Raúl Arrabales Moreno

Neurociencia Cognitiva, Inteligencia Artificial y Conciencia Artificial

Breve Introducción al Aprendizaje Automático (sin matemáticas)

Machine Learning

La disciplina del Aprendizaje Automático (Machine Learning) se centra en el estudio y el desarrollo de algoritmos que aprenden a partir de los datos.

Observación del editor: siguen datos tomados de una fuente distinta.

(* Let $\mu,\nu$ be Radon measures on $\mathbb{R}$ and $I\subset\mathbb{R}$ an interval. Then $\alpha_{s,\mu,\nu}(I)\le 2$, and, whenever $\nu(I)>0$ and $\int\varphi\,d\nu_I>0$, $$\alpha_{s,\mu,\nu}(I)\le\frac{2\alpha_{\mu,\nu}(I)}{\int\varphi\,d\nu_I}.$$ Moreover, if $\nu$ is globally doubling with constant $D$ ($\nu(B(x,2r))\le D\nu(B(x,r))$ for all $x,r$), and $I\subset J\subset\mathbb{R}$ are intervals with $|I|\ge\theta|J|$ for some $\theta>0$, then $\alpha_{s,\mu,\nu}(I)\le C\,\alpha_{s,\mu,\nu}(J)$ for a constant $C$ depending only on $D$ and $\theta$.
   Context: Wasserstein distance: $\mathbb{W}_1(\nu_1,\nu_2) := \sup_\psi |\int\psi\,d\nu_1 - \int\psi\,d\nu_2|$ over all $1$-Lipschitz $\psi\colon\mathbb{R}\to\mathbb{R}$ supported on $[0,1]$. For an interval $I$, $T_I$ is the increasing affine map taking $\overline I$ onto $[0,1]$; $\mu_I := T_{I\sharp}(\mu|_I)/\mu(I)$, $\nu_I := T_{I\sharp}(\nu|_I)/\nu(I)$ (zero if the mass vanishes), $\alpha_{\mu,\nu}(I) := \mathbb{W}_1(\mu_I,\nu_I)$. Let $\varphi(x) := \operatorname{dist}(x,\mathbb{R}\setminus(0,1))$, $\varphi_I := \varphi\circ T_I$. Smooth $\alpha$-numbers: $\alpha_{s,\mu,\nu}(I) := \mathbb{W}_1(\mu_{\varphi,I},\nu_{\varphi,I})$, where $\mu_{\varphi,I} := T_{I\sharp}(\mu|_I)/\int\varphi_I\,d\mu$ and $\nu_{\varphi,I} := T_{I\sharp}(\nu|_I)/\int\varphi_I\,d\nu$, with $\mu_{\varphi,I}:\equiv0$ if $\int\varphi_I\,d\mu=0$ (similarly for $\nu$). *)

From mathcomp Require Import all_boot all_order all_algebra.
From mathcomp Require Import all_classical all_reals all_analysis.
Import Order.TTheory GRing.Theory Num.Theory.

Set Implicit Arguments.
Unset Strict Implicit.
Unset Printing Implicit Defensive.

Local Open Scope classical_set_scope.
Local Open Scope ring_scope.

Para entender cómo funciona el Aprendizaje Automático, es preciso conocer primero el concepto de algoritmo. Tengamos en cuenta que hay muchos tipos de algoritmos, pero no todos son capaces de generar aprendizaje. Veremos a continuación qué entendemos por algoritmo en general, para luego pasar a descubrir qué tienen de especial los algoritmos que aprenden.

Un algoritmo no es otra cosa que una serie de instrucciones (como una receta de cocina) que, en el caso de la informática, pueden ser ejecutadas por un ordenador:

Es decir, un algoritmo no es otra cosa que una especie de “inteligencia preprogramada”. Al igual que una receta de cocina contiene la información necesaria para hacer, por ejemplo, una tortilla de patata. En este caso, el esquema sería:

Del ejemplo anterior se deriva claramente que, si no tengo patatas ni huevos, por muy buenas recetas que tenga, no voy a obtener una tortilla de patatas. Por eso, en el mundo del análisis de datos, le damos mucha más importancia a la calidad del dato que a los algoritmos en sí mismos.

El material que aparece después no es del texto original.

Lemma limsup_nonpos_sum (I : Type) (s : seq I) (P : pred I) (f : I -> nat -> R) :
  (forall i, P i -> limsup_nonpos (f i)) ->
  limsup_nonpos (fun n => \sum_(i <- s | P i) f i n).
Proof.
move=> hf; elim: s => [|x s IH].
  by apply: limsup_nonpos_le limsup_nonpos0; exists 0%N => n _; rewrite big_nil.
case Px: (P x); last by apply: limsup_nonpos_le IH; exists 0%N => n _; rewrite big_cons Px.
apply: limsup_nonpos_le (limsup_nonposD (hf x Px) IH).
by exists 0%N => n _; rewrite big_cons Px.
Qed.

Lemma limsup_nonpos_ge (u : nat -> R) (c : R) : limsup_nonpos u ->
  (exists N, forall n, (N <= n)%N -> c <= u n) -> c <= 0.
Proof.
move=> hu [N hN]; rewrite leNgt; apply/negP => c0.
have [M hM] := hu (c / 2) (divr_gt0 c0 (ltr0Sn _ 1)).
have := le_trans (hN (maxn N M) (leq_maxl _ _)) (hM _ (leq_maxr _ _)).
lra.
Qed.

Lemma limsup_nonpos_powRN (e : R) : 0 < e -> limsup_nonpos (fun n => (n%:R : R) `^ (- e)).
Proof.
move=> e0 eps eps0; set X := eps^-1 `^ e^-1.
exists (Num.truncn X).+1 => n hn.
have Xn : X <= n%:R by apply: le_trans (ltW (truncnS_gt _)) _; rewrite ler_nat.
have n0 : (0 : R) < n%:R by apply: lt_le_trans Xn; rewrite powR_gt0 // invr_gt0.
have : eps^-1 <= (n%:R : R) `^ e.
  have -> : eps^-1 = X `^ e by rewrite /X -powRrM mulVf ?gt_eqF // powRr1 // invr_ge0 ltW.
  by apply: ge0_ler_powR; rewrite ?nnegrE ?(ltW e0) ?(ltW n0) ?powR_ge0.
by rewrite powRN -[leRHS]invrK lef_pV2 ?posrE ?invr_gt0 ?powR_gt0.
Qed.
(* Let $(\Theta,\mathcal{B},\mu,\omega)$ be an ergodic metric dynamical system and let $\Psi:\mathbb{R}\times\Theta\times\mathbb{R}\to\Theta\times\mathbb{R}$, $(t,\theta,x)\mapsto(\theta\cdot t,\psi_t(\theta,x))$, be a measurable map satisfying the cocycle property $\psi_{t_1+t_2}(\theta,x)=\psi_{t_2}(\theta\cdot t_1,\psi_{t_1}(\theta,x))$ for all $t_1,t_2\in\mathbb{R}$, $\theta\in\Theta$, $x\in\mathbb{R}$. Assume: (i) $\psi_t(\theta,x+1)=\psi_t(\theta,x)+1$ for all $(t,\theta,x)\in\mathbb{R}\times\Theta\times\mathbb{R}$; (ii) there is a constant $C\ge0$ such that $\psi_t(\theta,x)\le\psi_t(\theta,x')+C$ for all $t\in\mathbb{R}$, $\theta\in\Theta$ and $x,x'\in\mathbb{R}$ with $x\le x'$; (iii) there is a constant $\eta\ge0$ such that $|\psi_t(\theta,x)-x|\le\eta$ for all $(t,\theta,x)\in[0,1]\times\Theta\times\mathbb{R}$. Then there exist a real number $\rho$ and a set $\Theta_0\subseteq\Theta$ with $\mu(\Theta_0)=1$ such that $$\lim_{t\to\infty}\frac{\psi_t(\theta,x)-x}{t}=\rho\quad\text{for all }(\theta,x)\in\Theta_0\times\mathbb{R}.$$
   Context: A metric dynamical system $(\Theta,\mathcal{B},\mu,\omega)$ consists of a probability space $(\Theta,\mathcal{B},\mu)$ and a measurable flow $\omega:\mathbb{R}\times\Theta\to\Theta$, written $\omega_t(\theta)=\theta\cdot t$, with $\mu\circ\omega_t^{-1}=\mu$ for all $t\in\mathbb{R}$; it is ergodic if every invariant measurable set has measure $0$ or $1$. *)

From HB Require Import structures.
From mathcomp Require Import all_boot all_order all_algebra.
From mathcomp Require Import all_classical all_reals all_analysis.
Set Implicit Arguments. Unset Strict Implicit. Unset Printing Implicit Defensive.
Import Order.TTheory GRing.Theory Num.Theory.
Import numFieldNormedType.Exports.
Local Open Scope classical_set_scope.
Local Open Scope ring_scope.

(* A metric dynamical system (Theta, B, mu, omega): mu is a probability measure
   on the measurable type T, w : R -> T -> T is a measurable flow
   (w t th = th . t), jointly measurable in (t, th), with w 0 = id,
   w (s + t) = w t \o w s, and mu preserved by every w t. *)
Definition metric_dynamical_system (R : realType) (d : measure_display)
  (T : measurableType d) (mu : probability T R) (w : R -> T -> T) : Prop :=
  [/\ measurable_fun setT (fun p : R * T => w p.1 p.2),
      (forall th, w 0 th = th),
      (forall s t th, w (s + t) th = w t (w s th)) &
      (forall t A, measurable A -> mu (w t @^-1` A) = mu A)].

Definition ergodic_mds (R : realType) (d : measure_display)
  (T : measurableType d) (mu : probability T R) (w : R -> T -> T) : Prop :=
  metric_dynamical_system mu w /\
  forall A : set T, measurable A -> (forall t, w t @^-1` A = A) ->
    mu A = 0%E \/ mu A = 1%E.

(** Write G_t(θ) := ψ_t(θ, 0).  By (i) and (ii), ψ_t(θ, x) - x stays within C + 1
    of G_t(θ), so the cocycle property turns G into a quasi-additive cocycle over the
    flow, |G_{a+b}(θ) - G_a(θ) - G_b(θ·a)| <= C + 1, and (iii) bounds its increments
    over unit times.  For each q the set of θ with limsup_n G_n(θ)/n < q is invariant
    under the flow, hence has measure 0 or 1; its threshold L⁺ is the essential upper
    growth rate of G, and L⁻ is that of -G.  A Katznelson-Weiss covering argument
    shows L⁺ + L⁻ <= 0: cut an orbit segment greedily into windows along which G grows
    at rate almost L⁺ (and likewise -G at rate almost L⁻); the times starting no such
    window are rare on some orbit because μ is invariant, and summing both bounds
    gives a contradiction otherwise.  Hence G_n/n -> L⁺ almost surely, and (iii) and
    (ii) carry this over to real times and to every starting point x. *)

From HB Require Import structures.
From mathcomp Require Import all_boot all_order all_algebra.
From mathcomp Require Import all_classical all_reals all_analysis.
From mathcomp Require Import ring lra zify measurable_realfun.
Set Implicit Arguments. Unset Strict Implicit. Unset Printing Implicit Defensive.
Import Order.TTheory GRing.Theory Num.Theory.
Import numFieldNormedType.Exports.
Local Open Scope classical_set_scope.
Local Open Scope ring_scope.

Section degree_one_lift.
Variables (R : realType) (f : R -> R) (C : R).
Hypothesis f_add1 : forall x, f (x + 1) = f x + 1.
Hypothesis f_quasi_mono : forall x y, x <= y -> f x <= f y + C.

Lemma lift_addn x (n : nat) : f (x + n%:R) = f x + n%:R.
Proof.
by elim: n => [|n IH]; rewrite ?addr0 // -natr1 addrA f_add1 IH addrA.
Qed.

Lemma lift_addz x (z : int) : f (x + z%:~R) = f x + z%:~R.
Proof.
case: z => n; first exact: lift_addn.
rewrite NegzE mulrNz; have := lift_addn (x - n.+1%:R) n.+1.
by rewrite subrK => ->; ring.
Qed.

Lemma lift_displacement y : `|f y - y - f 0| <= C + 1.
Proof.
have /andP[fl_le lt_fl1] := floor_itv y; rewrite intrD in lt_fl1.
set r := y - (Num.floor y)%:~R.
have -> : y = r + (Num.floor y)%:~R by rewrite /r subrK.
rewrite lift_addz.
have r0 : 0 <= r by rewrite /r subr_ge0.
have r1 : r <= 1 by rewrite /r; lra.
have := f_quasi_mono r0; have := f_quasi_mono r1.
rewrite -[1]add0r f_add1 add0r => hr1 h0r.
rewrite ler_norml; apply/andP; split; lra.
Qed.

End degree_one_lift.

Lemma exists_divn_le (R : realType) (x e : R) : 0 < e ->
  exists n : nat, x / n.+1%:R <= e.
Proof.
move=> e0; exists (Num.bound (`|x| / e)).
have nS0 : (0 : R) < (Num.bound (`|x| / e)).+1%:R by rewrite ltr0n.
rewrite ler_pdivrMr // (le_trans (ler_norm x)) // -ler_pdivrMl //.
have x0 : 0 <= `|x| / e by rewrite divr_ge0 // ltW.
rewrite mulrC; apply/ltW/(lt_le_trans (archi_boundP x0)); by rewrite ler_nat leqnSn.
Qed.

Aunque hay diferentes tipos de instrucciones que un ordenador puede ejecutar, podemos simplificar pensando que la mayoría de las instrucciones son simplemente reglas. Las reglas suelen tener la siguiente forma:

SI ES CIERTO QUE (<condición>) ENTONCES 
    HACER (<acción 1>) 
SI NO 
    HACER (<acción 2>) 

En nuestro ejemplo de receta para hacer tortilla de patatas, podríamos encontrarnos con reglas de este estilo:

SI ES CIERTO QUE (<Las patatas ya están doradas>) ENTONCES
    HACER (<Sacar las patatas de la sartén>)
SI NO 
   HACER (<Dejar las patatas friendo>)

Por supuesto, hay muchas otras formas más complejas de expresar reglas, así como de especificar condiciones y acciones, pero no hace falta que entremos en detalle. Lo importante es que un conjunto de reglas bien escritas y en el orden adecuado constituyen un algoritmo que sirve para automatizar un proceso.

Podríamos, por ejemplo, querer automatizar el proceso de personalización de anuncios en una página web, de forma que a los usuarios que estén navegando con un móvil Android se les muestre una oferta de un nuevo móvil de la marca Samsung y a los usuarios que estén navegando con otro sistema operativo se les muestre un anuncio de un nuevo móvil de la marca Apple:

SI ES CIERTO QUE (<usuario usa Android>) ENTONCES
    HACER (<Mostrar anuncio Samsung>)
SI NO 
   HACER (<Mostrar anuncio Apple>)

La regla anterior, constituye en sí misma un algoritmo. Es un algoritmo de una sola regla. Como te puedes imaginar, existen algoritmos mucho más complejos, de miles o millones de reglas. En cualquier caso, este tipo de algoritmos no aprenden, simplemente están compuestos de reglas fijas y preprogramadas. Es decir, la inteligencia que muestran tiene su origen en la persona que originalmente escribió las reglas.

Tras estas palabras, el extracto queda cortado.